# PROBLEM
Write the records out again, exactly.

== == ==

Lemma size_prufer_edges a S : size (prufer_edges a S) = (size a).+1.
Proof. by elim: a S => [|x a IH] S //=; rewrite IH. Qed.

Lemma prufer_edges_sub a S : prufer_code S a ->
  {in prufer_edges a S, forall e : {set T}, e \subset S}.
Proof.
elim: a S => [|x a IH] S aS e /=; first by rewrite inE => /eqP ->.
have [lS _ aS'] := prufer_leafP aS.
rewrite inE => /orP[/eqP ->|/(IH _ aS') eS]; last exact: subset_trans eS (subsetDl _ _).
by rewrite subUset !sub1set lS (aS.1 x) // mem_head.
Qed.

Lemma prufer_leaf_notin_edges x a S : prufer_code S (x :: a) ->
  let l := prufer_leaf x a S in
  {in prufer_edges a (S :\ l), forall e : {set T}, l \notin e}.
Proof.
move=> /prufer_leafP[_ _ aS'] l e /(prufer_edges_sub aS') /subsetP eS.
by apply/negP=> /eS; rewrite !inE eqxx.
Qed.

Lemma prufer_edges_card2 a S : prufer_code S a ->
  {in prufer_edges a S, forall e : {set T}, #|e| = 2}.
Proof.
elim: a S => [|x a IH] S aS e /=; first by rewrite inE => /eqP ->; case: aS.
have [_ la aS'] := prufer_leafP aS.
rewrite inE => /orP[/eqP ->|]; last exact: IH.
by rewrite cards2; move: la; rewrite inE negb_or => /andP[->].
Qed.

Lemma prufer_edges_uniq a S : prufer_code S a -> uniq (prufer_edges a S).
Proof.
elim: a S => [|x a IH] S aS //=.
have [_ _ aS'] := prufer_leafP aS.
rewrite IH // andbT; apply/negP=> /(prufer_leaf_notin_edges aS).
by rewrite !inE eqxx.
Qed.

Lemma count_prufer_edges a S z : prufer_code S a -> z \in S ->
  count (fun e : {set T} => z \in e) (prufer_edges a S) = (count_mem z a).+1.
Proof.
elim: a S => [|x a IH] S aS zS /=; first by rewrite zS.
have [_ la aS'] := prufer_leafP aS.
set l := prufer_leaf x a S in la aS' *.
have [->|nzl] := eqVneq z l; last first.
  by rewrite IH ?inE ?nzl // (negbTE nzl) eq_sym addnS.
have -> : count (fun e : {set T} => l \in e) (prufer_edges a (S :\ l)) = 0.
  apply/eqP; rewrite eqn0Ngt -has_count.
  by apply/hasP=> -[e /(prufer_leaf_notin_edges aS) /negP].
move: la; rewrite inE negb_or eq_sym => /andP[/negbTE-> /count_memPn->].
by rewrite !inE eqxx.
Qed.

Lemma prufer_edges_inj S a b : prufer_code S a -> prufer_code S b ->
  perm_eq (prufer_edges a S) (prufer_edges b S) -> a = b.
Proof.
elim: a b S => [|x a IH] [|y b] S aS bS //; try by move: aS.2; rewrite bS.2.
move=> Eab.
have mem_ab : x :: a =i y :: b.
  move=> z; case zS: (z \in S); last by rewrite (contraFF (aS.1 z)) // (contraFF (bS.1 z)).
  have : (count_mem z (x :: a)).+1 = (count_mem z (y :: b)).+1.
    by rewrite -(count_prufer_edges aS) // -(count_prufer_edges bS) // (seq.permP Eab).
  by rewrite -!has_pred1 !has_count => /eqP; rewrite eqSS => /eqP ->.
have same_leaf : prufer_leaf x a S = prufer_leaf y b S.
  rewrite /prufer_leaf.
  have -> : [set z in x :: a] = [set z in y :: b] by apply/setP=> z; rewrite !in_set mem_ab.
  case: pickP => //= none.
  have [lS lb _] := prufer_leafP bS.
  by move: (none (prufer_leaf y b S)); rewrite !inE lS lb.
have [_ la aS'] := prufer_leafP aS; have [_ _ bS'] := prufer_leafP bS.
move: Eab bS'; rewrite /= -same_leaf; set l := prufer_leaf x a S => Eab bS'.
have exy : [set l; x] = [set l; y].
  have : [set l; x] \in [set l; y] :: prufer_edges b (S :\ l).
    by rewrite -(perm_mem Eab) mem_head.
  rewrite inE /l same_leaf => /orP[/eqP // | /(prufer_leaf_notin_edges bS)].
  by rewrite !inE eqxx.
have xy : x = y.
  have : x \in [set l; y] by rewrite -exy !inE eqxx orbT.
  by rewrite !inE => /orP[/eqP xl|/eqP //]; move: la; rewrite -/l -xl mem_head.
by move: Eab; rewrite -xy perm_cons => /(IH _ _ aS' bS') ->.
Qed.

End PruferDecoding.

Definition pair_covers n : {set {ffun 'I_n -> {set 'I_n}}} :=
  [set c : {ffun 'I_n -> {set 'I_n}} |
     [forall j, #|c j| == 2] && [forall k, [exists j, k \in c j]]].

Section PairCoversFromPrufer.
Variable m : nat.
Local Notation code := ({perm 'I_m.+1} * m.-tuple 'I_m.+2 * {set 'I_m.+2})%type.

Definition cover_codes : {set code} :=
  setX (setX [set: {perm 'I_m.+1}] [set: m.-tuple 'I_m.+2]) [set p : {set 'I_m.+2} | #|p| == 2].

Definition cover_of_code (x : code) : {ffun 'I_m.+2 -> {set 'I_m.+2}} :=
  [ffun j => if unlift ord_max j is Some j'
             then nth set0 (prufer_edges x.1.2 setT) (x.1.1 j') else x.2].

Lemma card_cover_codes : #|cover_codes| = (m.+1)`! * m.+2 ^ m * 'C(m.+2, 2).
Proof.
by rewrite !cardsX !cardsT card_Sn card_tuple card_ord card_draws card_ord.
Qed.

Lemma tuple_prufer_code (a : m.-tuple 'I_m.+2) : prufer_code [set: 'I_m.+2] a.
Proof. by split=> [y|]; rewrite ?inE // cardsT card_ord size_tuple. Qed.

Lemma size_prufer_edges_tuple (a : m.-tuple 'I_m.+2) :
  size (prufer_edges a [set: 'I_m.+2]) = m.+1.
Proof. by rewrite size_prufer_edges size_tuple. Qed.

Lemma cover_of_code_max (x : code) : cover_of_code x ord_max = x.2.
Proof. by rewrite ffunE unlift_none. Qed.

Lemma cover_of_code_lift (x : code) j :
  cover_of_code x (lift ord_max j) = nth set0 (prufer_edges x.1.2 setT) (x.1.1 j).
Proof. by rewrite ffunE liftK. Qed.

Lemma mem_prufer_edges_cover (x : code) e :
  (e \in prufer_edges x.1.2 setT) = [exists j, cover_of_code x (lift ord_max j) == e].
Proof.
case: x => [[pi a] p] /=; apply/(nthP set0)/existsP => [[i lt_i <-]|[j /eqP <-]].
  rewrite size_prufer_edges_tuple in lt_i.
  by exists ((pi^-1)%g (Ordinal lt_i)); rewrite cover_of_code_lift permKV.
by exists (pi j); rewrite ?size_prufer_edges_tuple ?cover_of_code_lift.
Qed.

Lemma cover_of_code_inj : {in cover_codes &, injective cover_of_code}.
Proof.
move=> [[pi a] p] [[pi' b] q] _ _ E.
have pq : p = q by have := cover_of_code_max (pi, a, p); rewrite E cover_of_code_max.
have ab : a = b.
  apply/val_inj/(prufer_edges_inj (tuple_prufer_code a) (tuple_prufer_code b)).
  apply: uniq_perm (prufer_edges_uniq (tuple_prufer_code a))
                   (prufer_edges_uniq (tuple_prufer_code b)) _.
  by move=> e; rewrite (mem_prufer_edges_cover (pi, a, p)) E -mem_prufer_edges_cover.
subst b q; congr (_, _, _); apply/permP=> j; apply/val_inj/eqP.
have := congr1 (fun c : {ffun 'I_m.+2 -> _} => c (lift ord_max j)) E.
rewrite !cover_of_code_lift /= => /eqP.
by rewrite nth_uniq ?size_prufer_edges_tuple // (prufer_edges_uniq (tuple_prufer_code a)).
Qed.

== == ==

# SOLUTION
Lemma size_prufer_edges a S : size (prufer_edges a S) = (size a).+1.
Proof. by elim: a S => [|x a IH] S //=; rewrite IH. Qed.

Lemma prufer_edges_sub a S : prufer_code S a ->
  {in prufer_edges a S, forall e : {set T}, e \subset S}.
Proof.
elim: a S => [|x a IH] S aS e /=; first by rewrite inE => /eqP ->.
have [lS _ aS'] := prufer_leafP aS.
rewrite inE => /orP[/eqP ->|/(IH _ aS') eS]; last exact: subset_trans eS (subsetDl _ _).
by rewrite subUset !sub1set lS (aS.1 x) // mem_head.
Qed.

Lemma prufer_leaf_notin_edges x a S : prufer_code S (x :: a) ->
  let l := prufer_leaf x a S in
  {in prufer_edges a (S :\ l), forall e : {set T}, l \notin e}.
Proof.
move=> /prufer_leafP[_ _ aS'] l e /(prufer_edges_sub aS') /subsetP eS.
by apply/negP=> /eS; rewrite !inE eqxx.
Qed.

Lemma prufer_edges_card2 a S : prufer_code S a ->
  {in prufer_edges a S, forall e : {set T}, #|e| = 2}.
Proof.
elim: a S => [|x a IH] S aS e /=; first by rewrite inE => /eqP ->; case: aS.
have [_ la aS'] := prufer_leafP aS.
rewrite inE => /orP[/eqP ->|]; last exact: IH.
by rewrite cards2; move: la; rewrite inE negb_or => /andP[->].
Qed.

Lemma prufer_edges_uniq a S : prufer_code S a -> uniq (prufer_edges a S).
Proof.
elim: a S => [|x a IH] S aS //=.
have [_ _ aS'] := prufer_leafP aS.
rewrite IH // andbT; apply/negP=> /(prufer_leaf_notin_edges aS).
by rewrite !inE eqxx.
Qed.

Lemma count_prufer_edges a S z : prufer_code S a -> z \in S ->
  count (fun e : {set T} => z \in e) (prufer_edges a S) = (count_mem z a).+1.
Proof.
elim: a S => [|x a IH] S aS zS /=; first by rewrite zS.
have [_ la aS'] := prufer_leafP aS.
set l := prufer_leaf x a S in la aS' *.
have [->|nzl] := eqVneq z l; last first.
  by rewrite IH ?inE ?nzl // (negbTE nzl) eq_sym addnS.
have -> : count (fun e : {set T} => l \in e) (prufer_edges a (S :\ l)) = 0.
  apply/eqP; rewrite eqn0Ngt -has_count.
  by apply/hasP=> -[e /(prufer_leaf_notin_edges aS) /negP].
move: la; rewrite inE negb_or eq_sym => /andP[/negbTE-> /count_memPn->].
by rewrite !inE eqxx.
Qed.

Lemma prufer_edges_inj S a b : prufer_code S a -> prufer_code S b ->
  perm_eq (prufer_edges a S) (prufer_edges b S) -> a = b.
Proof.
elim: a b S => [|x a IH] [|y b] S aS bS //; try by move: aS.2; rewrite bS.2.
move=> Eab.
have mem_ab : x :: a =i y :: b.
  move=> z; case zS: (z \in S); last by rewrite (contraFF (aS.1 z)) // (contraFF (bS.1 z)).
  have : (count_mem z (x :: a)).+1 = (count_mem z (y :: b)).+1.
    by rewrite -(count_prufer_edges aS) // -(count_prufer_edges bS) // (seq.permP Eab).
  by rewrite -!has_pred1 !has_count => /eqP; rewrite eqSS => /eqP ->.
have same_leaf : prufer_leaf x a S = prufer_leaf y b S.
  rewrite /prufer_leaf.
  have -> : [set z in x :: a] = [set z in y :: b] by apply/setP=> z; rewrite !in_set mem_ab.
  case: pickP => //= none.
  have [lS lb _] := prufer_leafP bS.
  by move: (none (prufer_leaf y b S)); rewrite !inE lS lb.
have [_ la aS'] := prufer_leafP aS; have [_ _ bS'] := prufer_leafP bS.
move: Eab bS'; rewrite /= -same_leaf; set l := prufer_leaf x a S => Eab bS'.
have exy : [set l; x] = [set l; y].
  have : [set l; x] \in [set l; y] :: prufer_edges b (S :\ l).
    by rewrite -(perm_mem Eab) mem_head.
  rewrite inE /l same_leaf => /orP[/eqP // | /(prufer_leaf_notin_edges bS)].
  by rewrite !inE eqxx.
have xy : x = y.
  have : x \in [set l; y] by rewrite -exy !inE eqxx orbT.
  by rewrite !inE => /orP[/eqP xl|/eqP //]; move: la; rewrite -/l -xl mem_head.
by move: Eab; rewrite -xy perm_cons => /(IH _ _ aS' bS') ->.
Qed.

End PruferDecoding.

Definition pair_covers n : {set {ffun 'I_n -> {set 'I_n}}} :=
  [set c : {ffun 'I_n -> {set 'I_n}} |
     [forall j, #|c j| == 2] && [forall k, [exists j, k \in c j]]].

Section PairCoversFromPrufer.
Variable m : nat.
Local Notation code := ({perm 'I_m.+1} * m.-tuple 'I_m.+2 * {set 'I_m.+2})%type.

Definition cover_codes : {set code} :=
  setX (setX [set: {perm 'I_m.+1}] [set: m.-tuple 'I_m.+2]) [set p : {set 'I_m.+2} | #|p| == 2].

Definition cover_of_code (x : code) : {ffun 'I_m.+2 -> {set 'I_m.+2}} :=
  [ffun j => if unlift ord_max j is Some j'
             then nth set0 (prufer_edges x.1.2 setT) (x.1.1 j') else x.2].

Lemma card_cover_codes : #|cover_codes| = (m.+1)`! * m.+2 ^ m * 'C(m.+2, 2).
Proof.
by rewrite !cardsX !cardsT card_Sn card_tuple card_ord card_draws card_ord.
Qed.

Lemma tuple_prufer_code (a : m.-tuple 'I_m.+2) : prufer_code [set: 'I_m.+2] a.
Proof. by split=> [y|]; rewrite ?inE // cardsT card_ord size_tuple. Qed.

Lemma size_prufer_edges_tuple (a : m.-tuple 'I_m.+2) :
  size (prufer_edges a [set: 'I_m.+2]) = m.+1.
Proof. by rewrite size_prufer_edges size_tuple. Qed.

Lemma cover_of_code_max (x : code) : cover_of_code x ord_max = x.2.
Proof. by rewrite ffunE unlift_none. Qed.

Lemma cover_of_code_lift (x : code) j :
  cover_of_code x (lift ord_max j) = nth set0 (prufer_edges x.1.2 setT) (x.1.1 j).
Proof. by rewrite ffunE liftK. Qed.

Lemma mem_prufer_edges_cover (x : code) e :
  (e \in prufer_edges x.1.2 setT) = [exists j, cover_of_code x (lift ord_max j) == e].
Proof.
case: x => [[pi a] p] /=; apply/(nthP set0)/existsP => [[i lt_i <-]|[j /eqP <-]].
  rewrite size_prufer_edges_tuple in lt_i.
  by exists ((pi^-1)%g (Ordinal lt_i)); rewrite cover_of_code_lift permKV.
by exists (pi j); rewrite ?size_prufer_edges_tuple ?cover_of_code_lift.
Qed.

Lemma cover_of_code_inj : {in cover_codes &, injective cover_of_code}.
Proof.
move=> [[pi a] p] [[pi' b] q] _ _ E.
have pq : p = q by have := cover_of_code_max (pi, a, p); rewrite E cover_of_code_max.
have ab : a = b.
  apply/val_inj/(prufer_edges_inj (tuple_prufer_code a) (tuple_prufer_code b)).
  apply: uniq_perm (prufer_edges_uniq (tuple_prufer_code a))
                   (prufer_edges_uniq (tuple_prufer_code b)) _.
  by move=> e; rewrite (mem_prufer_edges_cover (pi, a, p)) E -mem_prufer_edges_cover.
subst b q; congr (_, _, _); apply/permP=> j; apply/val_inj/eqP.
have := congr1 (fun c : {ffun 'I_m.+2 -> _} => c (lift ord_max j)) E.
rewrite !cover_of_code_lift /= => /eqP.
by rewrite nth_uniq ?size_prufer_edges_tuple // (prufer_edges_uniq (tuple_prufer_code a)).
Qed.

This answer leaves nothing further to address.